Heute morgen. Ich sitze am Frühstückstisch, einen Kaffee in der Hand, die Zeitung in der anderen, da fällt mir das leise Schmatzen unterm Tisch auf. Erst denke ich, ach, so, Boomer. In der Zeit des Zahnens hat er ständig geschmatzt, auch nachts, sein Gebiss hin und her bewegt, sich mit der Zunge über die geschwollenen Hügel im Mund gefahren. Natürlich hat er damals nichts ausgelassen – kautechnisch. Manchmal habe ich ihm einen Lappen kurz im Kühlfach angefroren und Boomer danach darauf kauen lassen. Das hat ihm Erleichterung verschafft.

 

Nicht so schön ist es, wenn er sich Sachen sucht, die überhaupt nicht gehen: Spülschwämme, Plastikverpackungen – die frisst er auf, wenn ich nicht aufpasse, Computerkabel, Schulbücher. Unschön ist auch, wenn er einzelne Knötchen aus dem dicken Schlingenteppich zieht und darauf herumkaut.
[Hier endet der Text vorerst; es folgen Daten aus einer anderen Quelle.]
(* Let $\mathfrak{g}$ be a filiform Lie algebra of odd dimension $n\ge3$ over a field $K$ of characteristic zero, and fix an adapted basis $\{e_1,\dots,e_n\}$, with $\mathfrak{g}_i=\langle e_i,\dots,e_n\rangle$. Then $\chi(\mathfrak{g})=1$ if and only if $[\mathfrak{g}_i,\mathfrak{g}_{n-i}]\neq0$ for all $i=1,\dots,n-1$.
   Context: A filiform Lie algebra of dimension $n$ is a nilpotent Lie algebra with $\dim\mathfrak{g}^k=n-k$ for $2\le k\le n$ (lower central series $\mathfrak{g}^1=\mathfrak{g}$, $\mathfrak{g}^{k+1}=[\mathfrak{g},\mathfrak{g}^k]$). An adapted basis is a basis $\{e_1,\dots,e_n\}$ with $[e_1,e_i]=e_{i+1}$ ($2\le i\le n-1$), $[e_1,e_n]=0$, $[e_2,e_3]\in\langle e_5,\dots,e_n\rangle$; such a basis exists, and (Vergne) it then satisfies $[e_i,e_j]\in\langle e_{i+j},\dots,e_n\rangle$ if $i+j\le n$, $[e_i,e_j]=0$ if $i+j>n+1$, and $[e_i,e_{n+1-i}]=(-1)^i\alpha e_n$ for some $\alpha\in K$ with $\alpha=0$ when $n$ is odd. For $\ell\in\mathfrak{g}^*$, $\mathfrak{g}(\ell)=\{y\in\mathfrak{g}\mid\ell([x,y])=0\ \forall x\in\mathfrak{g}\}$ and $\chi(\mathfrak{g})=\min_{\ell\in\mathfrak{g}^*}\dim\mathfrak{g}(\ell)$. *)

From HB Require Import structures.
From mathcomp Require Import all_boot all_order all_algebra.
Set Implicit Arguments. Unset Strict Implicit. Unset Printing Implicit Defensive.
Import Order.TTheory GRing.Theory Num.Theory.
Local Open Scope ring_scope.

(* A Lie algebra of dimension n over K is modelled as K^n = 'rV[K]_n with its
   standard basis e_0, ..., e_(n-1) (0-indexed: e_k is the paper's e_(k+1)),
   and a bracket given by structure constants c i j = [e_i, e_j],
   extended bilinearly. *)

Section Defs.
Variables (K : fieldType) (n : nat).

Definition bvec (i : 'I_n) : 'rV[K]_n := delta_mx 0 i.

Definition br (c : 'I_n -> 'I_n -> 'rV[K]_n) (x y : 'rV[K]_n) : 'rV[K]_n :=
  \sum_(i < n) \sum_(j < n) (x 0 i * y 0 j) *: c i j.

Definition is_lie (c : 'I_n -> 'I_n -> 'rV[K]_n) : Prop :=
  (forall x, br c x x = 0) /\
  (forall x y z, br c x (br c y z) + br c y (br c z x) + br c z (br c x y) = 0).

(* [g, V] : the subspace spanned by the brackets [x, v], x in g, v in V
   (by bilinearity it is spanned by brackets of basis vectors). *)
Definition brg (c : 'I_n -> 'I_n -> 'rV[K]_n) (V : {vspace 'rV[K]_n})
  : {vspace 'rV[K]_n} :=
  <<[seq br c (bvec i) v | i <- enum 'I_n, v <- (vbasis V : seq _)]>>%VS.

Fixpoint lcs (c : 'I_n -> 'I_n -> 'rV[K]_n) (k : nat) : {vspace 'rV[K]_n} :=
  match k with
  | 0 | 1 => fullv
  | k'.+1 => brg c (lcs c k')
  end.

Definition nilpotent_lie c : Prop := exists k, lcs c k = 0%VS.

Definition filiform c : Prop :=
  is_lie c /\ nilpotent_lie c /\
  (forall k, (2 <= k <= n)%N -> \dim (lcs c k) = (n - k)%N).

(* The standard basis is adapted (paper's indices shifted by one):
   [e_1,e_i] = e_(i+1) for 2 <= i <= n-1, [e_1,e_n] = 0,
   [e_2,e_3] in <e_5, ..., e_n>. *)
Definition adapted c : Prop :=
  forall i0 : 'I_n, val i0 = 0%N ->
  (forall (i j : 'I_n), (1 <= i)%N -> val j = i.+1 -> c i0 i = bvec j)
  /\ (forall i : 'I_n, val i = n.-1 -> c i0 i = 0)
  /\ (forall i j : 'I_n, val i = 1%N -> val j = 2%N ->
        forall k : 'I_n, (k < 4)%N -> (c i j) 0 k = 0).

(* g_i = <e_i, ..., e_n> (paper's 1-based i): vectors whose coordinates on
   e_1, ..., e_(i-1) vanish. *)
Definition gsub (i : nat) (x : 'rV[K]_n) : Prop :=
  forall k : 'I_n, (k.+1 < i)%N -> x 0 k = 0.

(* A linear functional l in g^* is represented by a column vector:
   l(v) = (v *m l) 0 0. *)
Definition app (l : 'cV[K]_n) (v : 'rV[K]_n) : K := (v *m l) 0 0.

(* g(l) = { y | l([x,y]) = 0 for all x }.  Its elements are exactly the row
   vectors y with y *m stab_mx c l = 0, since (y *m stab_mx c l) 0 i = l([e_i,y]);
   g(l) is therefore the row space of kermx (stab_mx c l). *)
Definition stab_mx c (l : 'cV[K]_n) : 'M[K]_n :=
  \matrix_(j < n, i < n) app l (br c (bvec i) (bvec j)).

Definition in_stab c (l : 'cV[K]_n) (y : 'rV[K]_n) : Prop :=
  forall x, app l (br c x y) = 0.

Definition dim_stab c (l : 'cV[K]_n) : nat := \rank (kermx (stab_mx c l)).

Definition chi_eq c (m : nat) : Prop :=
  (exists l, dim_stab c l = m) /\ (forall l, (m <= dim_stab c l)%N).
End Defs.

From HB Require Import structures.
From mathcomp Require Import all_boot all_order all_algebra.
From mathcomp Require Import zify.
Import GRing.Theory.
Set Implicit Arguments. Unset Strict Implicit.
Local Open Scope ring_scope.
Ich könnte so einige Dinge aufzählen, die Boomer in den ersten Wochen zerkaut und damit zerstört hat. Aber mittlerweile wird es besser. Erstens hört er – hin und wieder – auf das Wort: Aus! Oder: Nein! Die neuen Zähne probiert er überwiegend an seinem Hundespielzeug aus, vornehmlich seinen Softbällen. Besonders beruhigend ist es für ihn, wenn er meine Hand oder mein Handgelenk im Maul hat. Er seufzt dann ganz laut, ohne zuzubeißen und schließt die Augen.

 

Er schmatzt immer noch unterm Tisch. Ich sehe in zwei unschuldig blickende Augen. „Is was?“, scheinen diese zu sagen. Ich weiß nicht, ob was ist, denn ich sehe nichts. Boomers Kiefer bewegt sich genüsslich. Da fällt mir der schwarze Wollfaden auf. Ich trage heute einen sehr langen, wunderschönen Wollschal an dessen Enden schwarze Wolltroddeln baumeln. Ein Lieblingsteil. Aber da baumelt nichts mehr. Boomer hat die Quaste komplett im Maul und findet das wunderbar. Nur an dem einen Wollfaden hängt sie noch. So eine Pissnelke!